Days would go by between posts and then weeks. Sally’s blog began to stall… and then it died completely.
Sally isn’t the only blogger to fall into the trap of comparing oneself with others – in fact I’ve heard this story (or variations of it) numerous times. If I’m honest, it’s something that at times I’ve struggled with too.
I remember in the early days of my own blogging comparing my style of writing with other bloggers that I admired who wrote in a much more academic, heavy style of writing. I tried to emulate this over and over again and never felt I hit the benchmark that they set.
The temptation was to give up – but luckily I found my more informal and conversational voice through experimentation and persistance.
As I chatted with Sally last week a theme emerged in our conversation – the comparisons were simply not fair.
Sally knew this on some levels but needed to hear it again.
Her hero had been blogging for years.

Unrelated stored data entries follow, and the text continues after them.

Lemma prodr_if_eq g a k (j : 'I_k) :
  \prod_(i < k) (if i == j then a else g) = g ^+ j * a * g ^+ (k.-1 - j).
Proof.
elim: k j => [[]//|k IH] j; rewrite big_ord_recl.
case: (unliftP ord0 j) => [j' ->|->] /=.
  rewrite (eq_bigr (fun i => if i == j' then a else g)) => [|i _]; last first.
    by rewrite (inj_eq (@lift_inj _ ord0)).
  by rewrite IH /bump leq0n add1n exprS !mulrA subnS predn_sub.
by rewrite (eq_bigr (fun=> g)) ?prodr_const ?card_ord ?mul1r ?subn0.
Qed.

(* The derivative of [x |-> x ^+ k] at [g] in the direction [a]. *)
Definition dpow k g a : R := \sum_(j < k) g ^+ j * a * g ^+ (k.-1 - j).

Lemma dpow_sqr k g : dpow k g (g * g) = g ^+ k.+1 *+ k.
Proof.
rewrite /dpow (eq_bigr (fun=> g ^+ k.+1)) ?sumr_const ?card_ord // => j _.
by rewrite -expr2 -!exprD; congr (g ^+ _); have := ltn_ord j; lia.
Qed.

Lemma dpowSl k g a : dpow k.+1 g a = a * g ^+ k + dpow k g (g * a).
Proof.
rewrite /dpow big_ord_recl /= expr0 mul1r subn0; congr (_ + _).
apply: eq_bigr => j _.
by rewrite /bump leq0n add1n exprS !mulrA -exprS -exprSr subnS predn_sub.
Qed.

Lemma dpowSr k g a : dpow k.+1 g a = dpow k g (a * g) + g ^+ k * a.
Proof.
rewrite /dpow big_ord_recr /= subnn expr0 mulr1; congr (_ + _).
apply: eq_bigr => j _; rewrite -!mulrA -exprS.
by congr (_ * (_ * g ^+ _)); have := ltn_ord j; lia.
Qed.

Sally had been blogging for months.
Not only that – Sally was comparing herself to tiny snapshots of this other blogger.
She could see her hero’s Twitter follower numbers, how many comments she was getting, how many times she Pinned on Pinterest and the instagram photos of this blogger at glamorous events – but she didn’t really have the full picture of this other blogger.
She didn’t know how many hours that blogger worked, she didn’t know whether that other blogger had people working for her, she didn’t know if that other blogger was actually happy with her blog or life and she certainly didn’t see the instagrams of that other bloggers boring, dull or hard moments of life.
I’m not saying the other blogger is hiding anything or doing anything wrong – just that the comparisons Sally was making were of everything Sally knew about herself (and her insecurities) with tiny edited snapshots of the life and work another person.
Sally is a remarkable person. I’d love to tell you her real name and story because she’s overcome some amazing things in her life, has some unique perspectives to share and has an inspirational story to tell.
My encouragement to Sally (and to us all) is run her own race. Yes she’s running beside others that at times seem to be running faster or with more flare… but nobody else around her has her unique personality, set of experiences or skills.
Nobody else can blog like Sally – so the sooner she gets comfy in her own skin the better.